P155 Comparison of video capsule endoscopy and faecal calprotectin as diagnostic tools in patients with abdominal symptoms suggestive of small bowel Crohn's Disease
K.V. Patel*, S. Zaman, S. Fong, S.H. Anderson
Guy's and St Thomas' NHS Foundation Trust, Gastroenterology, London, United Kingdom
Faecal calprotectin (FC) is a widely agreed non-invasive marker of gastrointestinal (GI) inflammation. There is a dearth of evidence comparing FC levels to findings of video capsule endoscopy (VCE).

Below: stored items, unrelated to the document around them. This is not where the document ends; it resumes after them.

(* In a graph of maximum degree three, two disjoint perfect matchings yield a
   proper 3-edge-colouring: besides its F-edge and its M-edge, a vertex lies
   on at most one further edge, which gets the third colour. *)
Lemma colour_of_proper F M : perfect_matching E F -> perfect_matching (E :\: F) M ->
  proper_colouring E (colour_of F M).
Proof.
move=> pF pM a e1 e2 E1 E2 a1 a2 ne.
have mF := proj1 (andP pF); have mM := proj1 (andP pM).
have [fa fF afa] := perfect_cover a pF.
have pME : perfect_matching E M by rewrite /perfect_matching (proj2 (andP pM))
  (matching_sub (subsetDl _ _) mM).
have [ma mMa ama] := perfect_cover a pME.
have /setDP [maE maF] := subsetP (matching_subset mM) _ mMa.
have faE := subsetP (matching_subset mF) _ fF.
rewrite /colour_of; case h1: (e1 \in F); case h2: (e2 \in F).
- by move: ne; rewrite (matching_eq mF h1 h2 a1 a2) eqxx.
- by case: (e2 \in M).
- by case: (e1 \in M).
case m1: (e1 \in M); case m2: (e2 \in M) => //.
  by move: ne; rewrite (matching_eq mM m1 m2 a1 a2) eqxx.
exfalso; apply: (no_four_edges E1 E2 faE maE a1 a2 afa ama).
rewrite /= !inE !negb_or ne andbT /=; apply/and3P; split.
- by apply/andP; split; [apply: contraFneq h1 => ->|apply: contraFneq m1 => ->].
- by apply/andP; split; [apply: contraFneq h2 => ->|apply: contraFneq m2 => ->].
- by apply: contraNneq maF => <-.
Qed.

End DegreeThree.
End PairEdges.
End Matchings.

Section TriangleReplacement.
Variables (T : finType) (r : rel T).
Hypotheses (r_sym : symmetric r) (r_irr : irreflexive r) (r_cubic : cubic r).

Local Notation D := (dart r).
Local Notation tr := (tri_rel r).
Local Notation E := (edges (tri_rel r)).

Definition triangle (v : T) : {set D} := [set d : D | (val d).1 == v].

Lemma dart_neq (d : D) : (val d).1 != (val d).2.
Proof. by apply/eqP=> h; have := valP d; rewrite h r_irr. Qed.

Lemma dart_eqE (a b : D) : (a == b) = ((val a).1 == (val b).1) && ((val a).2 == (val b).2).
Proof.
case: a b => [[a1 a2] ha] [[b1 b2] hb] /=.
apply/eqP/andP => [[-> ->]|[/eqP e1 /eqP e2]] //.
by apply: val_inj => /=; rewrite e1 e2.
Qed.

Lemma rev_dart_proof (d : D) : r (val d).2 (val d).1.
Proof. by rewrite r_sym (valP d). Qed.

Definition rev_dart (d : D) : D := Sub ((val d).2, (val d).1) (rev_dart_proof d).

Lemma val_rev_dart (d : D) : val (rev_dart d) = ((val d).2, (val d).1).
Proof. by []. Qed.
Lemma al_adversary_well_formed n u :
  0 <= p <= 1 ->
  (size u + n = D)%N -> (forall i, (i < size u)%N -> internal k D (take i u)) ->
  well_formed (al_adversary n u).
Proof.
move=> p01; elim: n u => [|n IH] u uD pu //=.
case: ifP => uk //.
have uD' y : (size (rcons u y) + n = D)%N by rewrite size_rcons addSnnS.
have pu' y := internal_prefixes_rcons (y := y) uk uD pu.
have child y : well_formed (iter m (Present (tree u) y) (al_adversary n (rcons u y))).
  apply: well_formed_iter_Present; first exact: IH (uD' y) (pu' y).
  apply: sub_all_scenarios (al_adversary_scenarios (uD' y) (pu' y)).
  by move=> h xs [s _ [_ /realizes_catl/realizes_rcons ->]].
by split; [|split; apply: child].
Qed.

Section Potential.
Variable A : learner X R.
Hypothesis validA : valid_learner A.
Hypotheses (p_ge0 : 0 <= p) (p_le : m.+1%:R * p <= 1).

Let p01 : 0 <= p <= 1.
Proof. by rewrite p_ge0 /=; have := p_le; rewrite -addn1 natrD; have := ler0n R m; nra. Qed.

(* One step down lowers the potential by [m p] in expectation, which is
   exactly the gain of the block presented at [u]. *)
Lemma al_adversary_value_ge n u hist :
  p * n%:R <= k%:R ->
  m%:R / 2 * (p * n%:R - (count id u)%:R) <= adv_value A hist (al_adversary n u).
Proof.
have m2 : 0 <= m%:R / 2 :> R by rewrite divr_ge0.
elim: n u hist => [|n IH] u hist pnk.
  apply: le_trans (exp_mistakes_ge0 validA (realizer H tree u) hist [::]).
  by rewrite mulr0 sub0r mulrN oppr_le0 mulr_ge0.
have pnk' : p * n%:R <= k%:R.
  by apply: le_trans pnk; rewrite ler_wpM2l // ler_nat.
rewrite [al_adversary _ _]/=; case: ifP => uk; last first.
  apply: le_trans (exp_mistakes_ge0 validA _ _ _); apply: mulr_ge0_le0 => //.
  by rewrite subr_le0 (le_trans pnk) // ler_nat leqNgt uk.
set B := fun y : bool => m%:R / 2 * (p * n%:R - (count id (rcons u y))%:R).
have IHy (y : bool) hist' : B y <= adv_value A hist' (al_adversary n (rcons u y)) :=
  IH (rcons u y) hist' pnk'.
apply: le_trans (adv_value_block_ge validA (tree u) p01 (IHy false) (IHy true) hist
                   (lexx (m%:R * p)) _); last first.
  by have := p_le; rewrite -addn1 natrD mulrDl mul1r; lra.
have cnt y : (count id (rcons u y))%:R = (count id u)%:R + (y : nat)%:R :> R.
  by rewrite -cats1 count_cat /= addn0 natrD.
have -> : m%:R / 2 * (p * n.+1%:R - (count id u)%:R)
          = p * B true + (1 - p) * B false + m%:R * p.
  by rewrite /B !cnt -addn1 natrD /= mulr1n mulr0n; field.
by [].
Qed.

Lemma al_adversary_mistakes :
  p * D%:R <= k%:R ->
  exists h xs,
    [/\ H h, (size xs <= m * D)%N & m%:R / 2 * (p * D%:R) <= exp_mistakes A h [::] xs].
Proof.
move=> pDk.
have no_prefix : forall i, (i < size (@nil bool))%N -> internal k D (take i [::]) by [].
have [h [xs [[s sD [Hh _ sxs]] le]]] :=
  adv_value_le_scenario A [::]
    (al_adversary_well_formed (n := D) (u := [::]) p01 erefl no_prefix)
    (al_adversary_scenarios (n := D) (u := [::]) erefl no_prefix).
exists h, xs; split => //; first by rewrite sxs leq_mul2l sD orbT.
by apply: le_trans le; have := al_adversary_value_ge [::] [::] pDk; rewrite subr0.
Qed.

End Potential.

End ALAdversary.

Lemma ominn_le K o : (ominn K o <= K)%N.
Proof. by case: o => [d|] //=; rewrite geq_minl. Qed.

Lemma largest_ge (P : nat -> Prop) K n :
  (0 < n)%N -> (n <= ominn K (largest P))%N -> exists2 d, (n <= d)%N & P d.
Proof.
move=> n0; rewrite /largest; case: asboolP => [_|unbounded] /=.
  case: xgetP => [d _ [Pd _] nd|_]; first by exists d => //; apply: leq_trans nd (geq_minr _ _).
  by rewrite minn0 leqn0 => /eqP n_0; rewrite n_0 in n0.
move=> _; have [//|none] := pselect (exists2 d, (n <= d)%N & P d).
case: unbounded; exists n => d Pd; rewrite leqNgt; apply/negP => nd.
by apply: none; exists d => //; apply: ltnW.
Qed.

Section LowerBound.
Variables (X : Type) (R : realType) (A : learner X R).
Hypothesis validA : valid_learner A.

Lemma Mistakes_ge_shattered T H w d tree k D m :
  shattered H w d tree ->
  (0 < k <= w)%N -> (D <= d)%N -> (m * D <= T)%N -> (m.+1 * k <= 2 * D)%N ->
  (m * k)%:R / 4 <= Mistakes A T H.
Proof.
move=> sh /andP[k0 kw] Dd mDT mkD.
have D0 : (0 : R) < D%:R by rewrite ltr0n; nia.
set p : R := k%:R / (2 * D%:R).
have pD : p * D%:R = k%:R / 2 by rewrite /p; field; rewrite gt_eqF.
have p_ge0 : 0 <= p by rewrite /p divr_ge0 ?mulr_ge0 // ltW.
have p_le : m.+1%:R * p <= 1.
  by rewrite /p mulrA ler_pdivrMr ?mulr_gt0 // mul1r -natrM -natrM ler_nat.
have pDk : p * D%:R <= k%:R by rewrite pD; have := ler0n R k; lra.
have [h [xs [Hh sxs le]]] :=
  al_adversary_mistakes (shattered_mono kw Dd sh) validA p_ge0 p_le pDk.
have -> : (m * k)%:R / 4 = m%:R / 2 * (p * D%:R) :> R by rewrite pD natrM; field.
exact: le_trans le (exp_mistakes_le_Mistakes_leq validA Hh (leq_trans sxs mDT)).
Qed.

Lemma sqrt_dims_le_Mistakes H T w :
  (0 < w)%N ->
  Num.sqrt ((ominn (minn w T) (Ldim H))%:R * (ominn T (ALdim H w))%:R) <= 8 * Mistakes A T H.
Proof.
move=> w0.
set a := ominn (minn w T) (Ldim H); set b := ominn T (ALdim H w).
have aw : (a <= w)%N by apply: leq_trans (ominn_le _ _) (geq_minl _ _).
have aT : (a <= T)%N by apply: leq_trans (ominn_le _ _) (geq_minr _ _).
have bT : (b <= T)%N by apply: ominn_le.
have [mk abmk mkM] : exists2 mk : nat, (a * b <= (2 * mk) ^ 2)%N & mk%:R / 4 <= Mistakes A T H.
  have [a0|a0] := posnP a.
    by exists 0%N; rewrite ?a0 ?mul0r ?Mistakes_ge0.
  have [d ad [tr sh]] :=
    largest_ge (P := fun d => exists tree, shattered H d d tree) a0 (leqnn a).
  have [b4a|a4b] := leqP b (4 * a).
    exists (1 * a)%N; first nia.
    by apply: (Mistakes_ge_shattered sh _ ad); rewrite ?a0 ?ad ?mul1n.
  have b0 : (0 < b)%N by lia.
  have [d' bd' [tr' sh']] :=
    largest_ge (P := fun d => exists tree, shattered H w d tree) b0 (leqnn b).
  have [|m m0 /andP[amb bam]] := mul_sqr_bracket (a := a) (b := b); first lia.
  exists (m * a)%N; first nia.
  have amD : (a * m <= b %/ m)%N by rewrite leq_divRL //; nia.
  apply: (Mistakes_ge_shattered sh' _ (leq_trans (leq_div b m) bd')).
  - by rewrite a0.
  - by rewrite mulnC (leq_trans (leq_divM b m) bT).
  - nia.
rewrite -natrM; apply: le_trans (sqrt_natr_le _ abmk) _.
by rewrite natrM; have := mkM; lra.
Qed.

Particularly, there is a scarcity of data investigating the suitability of FC as a screening tool to select individuals requiring VCE in the investigation of patients with abdominal symptoms suggestive of small bowel Crohn's Disease (CD). We studied the correlation between FC levels and VCE findings and analysed their combined utility in detecting small bowel CD.
We retrospectively compared VCE findings and FC levels in adult patients referred with GI symptoms (abdominal pain, diarrhoea, weight loss, anaemia and bloating). Where multiple FC were measured, the value closest to the date of VCE was used. History of non-steroidal anti-inflammatory drugs, aspirin, clopidogrel and prednisolone use in the six weeks prior to VCE were identified. Findings of relevant investigations (GI endoscopy, MRI, CT, coeliac serology, histology, haemoglobin, C-reactive protein and platelet count) were also reviewed. FC and VCE findings were analysed against final diagnosis.
62 patients were studied (21 males, mean age 41). One study was excluded due to capsule retention in the stomach. The median time between FC and VCE was 92 days. 29 had a normal FC (< 60mg/g, mean 18mg/g) of whom 5 had abnormal VCE findings (17.2%). 32 had a raised FC ( >60mg/g, mean 263mg/g) of whom 7 had abnormal VCE findings (21.9%). Two-tailed Fisher's exact test revealed that the difference between the two groups was not statistically significant (p=0.75).
In the normal FC/abnormal VCE group 3 out of 5 patients were diagnosed with CD (one had CD confirmed on colonoscopy). One case had mild patchy terminal ileal (TI) erythema. Another had non-specific TI aphthous ulcers. In the raised FC/abnormal VCE group 3 out of 7 patients were diagnosed with CD (all 3 had active CD on colonoscopy). Two cases had jejunal apthous ulcers, and there was one case each of mild patchy TI erythema and TI apthous ulcers. Two-tailed Fisher's exact test revealed that the difference between these two groups was also not statistically significant (p=1).
The utility of FC to diagnose small bowel CD remains debatable, with previous studies showing differing outcomes. In our cohort, FC levels did not reliably correlate with VCE findings. The correlation of FC level with the diagnosis of small bowel CD by VCE was also not statistically significant. Based on our findings, the decision to proceed to VCE should be based on clinical symptoms, and not on abnormal FC levels.